Возвышение Сайласа Лэфема
— Раз я решил, меня уж ничто не удержит, — сказал отец с тем удовольствием, с каким слабовольные люди иногда признают свою слабость. — А как их новый дом?
— Кажется, они думают переехать туда до Нового года.
— Будут ли они ценным приобретением для общества? — спросил Бромфилд Кори с невозмутимым видом.
— Я не совсем вас понимаю, — сказал сын несколько смущенно.
— А я вижу. Том, что понимаешь.
— Все почувствуют, что это люди разумные и… правильно мыслящие.
— Не в том дело. Если бы общество принимало всех разумных и правильно мыслящих, оно стало бы столь многолюдным, что и самые деятельные его члены не успевали бы друг к другу с визитами.
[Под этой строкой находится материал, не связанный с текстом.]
Lemma ln_div_INR x y : (0 < x)%nat -> (0 < y)%nat -> ln (INR x / INR y) = ln (INR x) - ln (INR y).
Proof. intros. apply ln_div; apply (lt_INR 0); assumption. Qed.

Section ClosedForm.
Variables (p d : nat).
Hypotheses (hp : (2 <= p)%nat) (hd : (d <= 9)%nat).

Lemma block_limit_off j y : (10 * j + d < y < 10 * j + d + 10)%nat ->
  block_limit d y = INR (j + 1) * (ln (INR (y + 1)) - ln (INR y)).
Proof.
  intros Hy. unfold block_limit, last_is.
  destruct (Nat.eqb_spec (y mod 10) d) as [Hmod|]; [exfalso; lia_divmod|].
  rewrite (last_count_eq d y (j + 1)) by lia. change (INR 0) with 0. ring.
Qed.

Lemma block_limit_peak j : block_limit d (10 * j + d) =
  1 + (INR j - INR (10 * j + d)) * (ln (INR (10 * j + d + 1)) - ln (INR (10 * j + d))).
Proof.
  unfold block_limit, last_is.
  replace ((10 * j + d) mod 10)%nat with d by lia_divmod. rewrite Nat.eqb_refl.
  rewrite (last_count_eq d _ j) by lia. change (INR 1) with 1. ring.
Qed.

Lemma rsum_block_limit_off j lo hi :
  (10 * j + d < lo)%nat -> (lo <= hi <= 10 * j + d + 10)%nat ->
  rsum lo hi (block_limit d) = INR (j + 1) * (ln (INR hi) - ln (INR lo)).
Proof.
  intros Hlo Hhi. rewrite (rsum_ext _ _ _ (fun y => INR (j + 1) * (ln (INR (y + 1)) - ln (INR y))))
    by (intros y Hy; apply block_limit_off; lia).
  rewrite rsum_scal_l, (rsum_telescope lo hi (fun y => ln (INR y))) by lia. reflexivity.
Qed.

Definition block_limit_sum_closed (i : nat) : R :=
  INR i + 1 - 10 ^ (p - 2) - INR d * kdpi d p i - 9 * ldpi d p i + mdpi d p i + ndpi d p i
  + 10 ^ (p - 2) * ln (INR (10 ^ (p - 1) + d) / INR (10 ^ (p - 1))).

Lemma block_limit_sum_first :
  block_limit_sum p d (10 * 10 ^ (p - 2) + d + 1) = block_limit_sum_closed (10 ^ (p - 2)).
Proof.
  pose proof (pow10_pos (p - 2)).
  pose proof (pow10_pred_pred p hp) as HL.
  unfold block_limit_sum, block_limit_sum_closed, kdpi, ldpi, mdpi, ndpi.
  rewrite <- HL, Nat.add_1_r, rsum_succ by lia.
  rewrite (rsum_block_limit_off (10 ^ (p - 2) - 1)) by lia.
  replace (10 ^ (p - 2) - 1 + 1)%nat with (10 ^ (p - 2))%nat by lia.
  rewrite HL, block_limit_peak, <- HL.
  replace (10 ^ (p - 2) + 1)%nat with (S (10 ^ (p - 2))) by lia.
  rewrite !rsum_succ, !rsum_empty by lia.
  rewrite HL, !ln_div_INR by lia.
  set (a := (10 ^ (p - 2))%nat).
  set (l1 := ln (INR (10 * a + d + 1))). set (l2 := ln (INR (10 * a + d))).
  set (l3 := ln (INR (10 * a))).
  unfold a. rewrite !plus_INR, !mult_INR, pow10_INR. replace (INR 10) with 10 by (simpl; ring). ring.
Qed.

Lemma block_limit_sum_succ i : (10 ^ (p - 2) <= i)%nat ->
  block_limit_sum p d (10 * S i + d + 1) = block_limit_sum p d (10 * i + d + 1)
    + INR (i + 1) * (ln (INR (10 * S i + d)) - ln (INR (10 * i + d + 1)))
    + block_limit d (10 * S i + d).
Proof.
  intros Hi. pose proof (pow10_pred_pred p hp) as HL.
  unfold block_limit_sum.
  replace (10 * S i + d + 1)%nat with (S (10 * S i + d)) by lia.
  rewrite rsum_succ, (rsum_split _ (10 * i + d + 1)) by lia.
  rewrite (rsum_block_limit_off i (10 * i + d + 1)) by lia. reflexivity.
Qed.

Lemma block_limit_sum_closed_succ i : (10 ^ (p - 2) <= i)%nat ->
  block_limit_sum_closed (S i) = block_limit_sum_closed i
    + INR (i + 1) * (ln (INR (10 * S i + d)) - ln (INR (10 * i + d + 1)))
    + block_limit d (10 * S i + d).
Proof.
  intros Hi. rewrite block_limit_peak.
  unfold block_limit_sum_closed, kdpi, ldpi, mdpi, ndpi.
  replace (S i + 1)%nat with (S (i + 1)) by lia.
  rewrite !(rsum_succ _ (i + 1)), !(rsum_succ _ i) by lia.
  replace (i + 1)%nat with (S i) by lia.
  rewrite !ln_div_INR by lia.
  set (l1 := ln (INR (10 * S i + d + 1))). set (l2 := ln (INR (10 * S i + d))).
  set (l3 := ln (INR (10 * i + d + 1))).
  rewrite !plus_INR, !mult_INR, S_INR. replace (INR 10) with 10 by (simpl; ring). ring.
Qed.

Lemma block_limit_sum_eq_closed i : (10 ^ (p - 2) <= i)%nat ->
  block_limit_sum p d (10 * i + d + 1) = block_limit_sum_closed i.
Proof.
  intros Hi. replace i with (10 ^ (p - 2) + (i - 10 ^ (p - 2)))%nat by lia.
  induction (i - 10 ^ (p - 2))%nat as [|t IH].
  - rewrite Nat.add_0_r. apply block_limit_sum_first.
  - replace (10 ^ (p - 2) + S t)%nat with (S (10 ^ (p - 2) + t)) by lia.
    rewrite block_limit_sum_succ, block_limit_sum_closed_succ, IH by lia. reflexivity.
Qed.

Lemma block_limit_sum_top : block_limit_sum p d (10 ^ p) =
  block_limit_sum_closed (10 ^ (p - 1) - 1)
  + INR (10 ^ (p - 1)) * (ln (INR (10 ^ p)) - ln (INR (10 ^ p - 9 + d))).
Proof.
  pose proof (pow10_pos (p - 2)). pose proof (pow10_pred p ltac:(lia)).
  pose proof (pow10_pred_pred p hp) as HL.
  rewrite <- block_limit_sum_eq_closed by lia. unfold block_limit_sum.
  replace (10 * (10 ^ (p - 1) - 1) + d + 1)%nat with (10 ^ p - 9 + d)%nat by lia.
  rewrite (rsum_split _ (10 ^ p - 9 + d) (10 ^ p)) by lia.
  rewrite (rsum_block_limit_off (10 ^ (p - 1) - 1) (10 ^ p - 9 + d)) by lia.
  now replace (10 ^ (p - 1) - 1 + 1)%nat with (10 ^ (p - 1))%nat by lia.
Qed.

Lemma alpha_formula_eq : alpha_formula d p =
  (block_limit_sum p d (10 ^ p) / 9 + block_limit_sum p d (10 ^ (p - 1))) / INR (10 ^ (p - 1)).
Proof.
  pose proof (pow10_pos (p - 2)). pose proof (pow10_pred p ltac:(lia)).
  pose proof (pow10_pred_pred p hp) as HL.
  unfold block_limit_sum at 2. rewrite rsum_empty by lia.
  rewrite block_limit_sum_top.
  unfold alpha_formula, block_limit_sum_closed, kdp, ldp, mdp, ndp.
  replace (10 ^ p - 10 + d + 1)%nat with (10 ^ p - 9 + d)%nat by lia.
  rewrite (ln_div_INR (10 ^ p)) by lia.
  set (A := ln (INR (10 ^ (p - 1) + d) / INR (10 ^ (p - 1)))).
  set (B := ln (INR (10 ^ p))). set (C := ln (INR (10 ^ p - 9 + d))).
  rewrite minus_INR, !pow10_INR by lia.
  replace (10 ^ (p - 1)) with (10 * 10 ^ (p - 2))
    by (rewrite <- (pow10_INR (p - 1)), HL, mult_INR, pow10_INR; simpl; ring).
  pose proof (pow_lt 10 (p - 2) ltac:(lra)). change (INR 1) with 1. field. lra.
Qed.

Lemma prop5_limit_eq i : (10 ^ (p - 2) <= i)%nat ->
  prop5_limit d p i =
  (block_limit_sum p d (10 ^ p) / 9 + block_limit_sum p d (10 * i + d + 1))
  / INR (10 * i + d + 1).
Proof.
  intros Hi. pose proof (pow_lt 10 (p - 1) ltac:(lra)).
  assert (Halpha : alpha_formula d p * 10 ^ (p - 1) = block_limit_sum p d (10 ^ p) / 9).
  { rewrite alpha_formula_eq. unfold block_limit_sum at 2.
    rewrite rsum_empty, pow10_INR by lia. field. lra. }
  rewrite block_limit_sum_eq_closed by exact Hi.
  unfold prop5_limit, block_limit_sum_closed. rewrite Halpha. f_equal. ring.
Qed.

End ClosedForm.

Theorem proposition5 (p d i : nat)
  (hp : (2 <= p)%nat) (hd : (d <= 9)%nat)
  (hi1 : (10 ^ (p - 2) <= i)%nat) (hi2 : (i <= 10 ^ (p - 1) - 1)%nat) :
  is_lim_seq (fun n => Pdig d (10 ^ n - 1) p) (alpha_formula d p) /\
  is_lim_seq (fun n => Pdig d ((10 * i + d + 1) * 10 ^ (n - p + 1) - 1) p)
             (prop5_limit d p i).
Proof.
  pose proof (pow10_pos (p - 2)). pose proof (pow10_pred_pred p hp).
  pose proof (pow10_pred p ltac:(lia)).
  split.
  - apply (is_lim_seq_incr_n _ (p - 1)).
    apply is_lim_seq_ext with (fun n => Pdig d (10 ^ (p - 1) * 10 ^ n - 1) p).
    { intros n. now rewrite Nat.pow_add_r, Nat.mul_comm. }
    rewrite alpha_formula_eq by assumption. apply Pdig_scaled_lim; lia.
  - apply (is_lim_seq_incr_n _ p).
    apply is_lim_seq_ext with (fun n => Pdig d ((10 * i + d + 1) * 10 ^ S n - 1) p).
    { intros n. now replace (n + p - p + 1)%nat with (S n) by lia. }
    apply (is_lim_seq_incr_1 (fun n => Pdig d ((10 * i + d + 1) * 10 ^ n - 1) p)).
    rewrite prop5_limit_eq by assumption. apply Pdig_scaled_lim; lia.
Qed.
Не успевала бы даже твоя мать, столь по этой части добросовестная. Общество — это нечто совсем иное, чем разум и правильный образ мыслей. Они, пожалуй, лежат в его основании, однако его легкая, изящная, видимая нам надстройка требует других качеств. Имеются ли у твоих друзей эти качества, которые можно ощущать, но едва ли можно определить?
Сын засмеялся.
— По правде говоря, сэр, не думаю, чтобы они представляли себе общество так, как мы. Миссис Лэфем, по-моему, никогда не давала обеда.
— И с такими-то деньгами! — вздохнул отец.
— Они не пьют вина за столом. Я подозреваю, что когда они не пьют чай или кофе, то пьют просто воду со льдом.
— Какой ужас! — сказал Бромфилд Кори.
— Это, мне кажется, дает о них какое-то представление.
— О да! Есть и люди, которые дают обеды, но с которыми тем не менее знаться нельзя. Но если кто никогда не давал обеда, как может общество его принять?
— Оно переваривает очень многих, — заметил молодой человек.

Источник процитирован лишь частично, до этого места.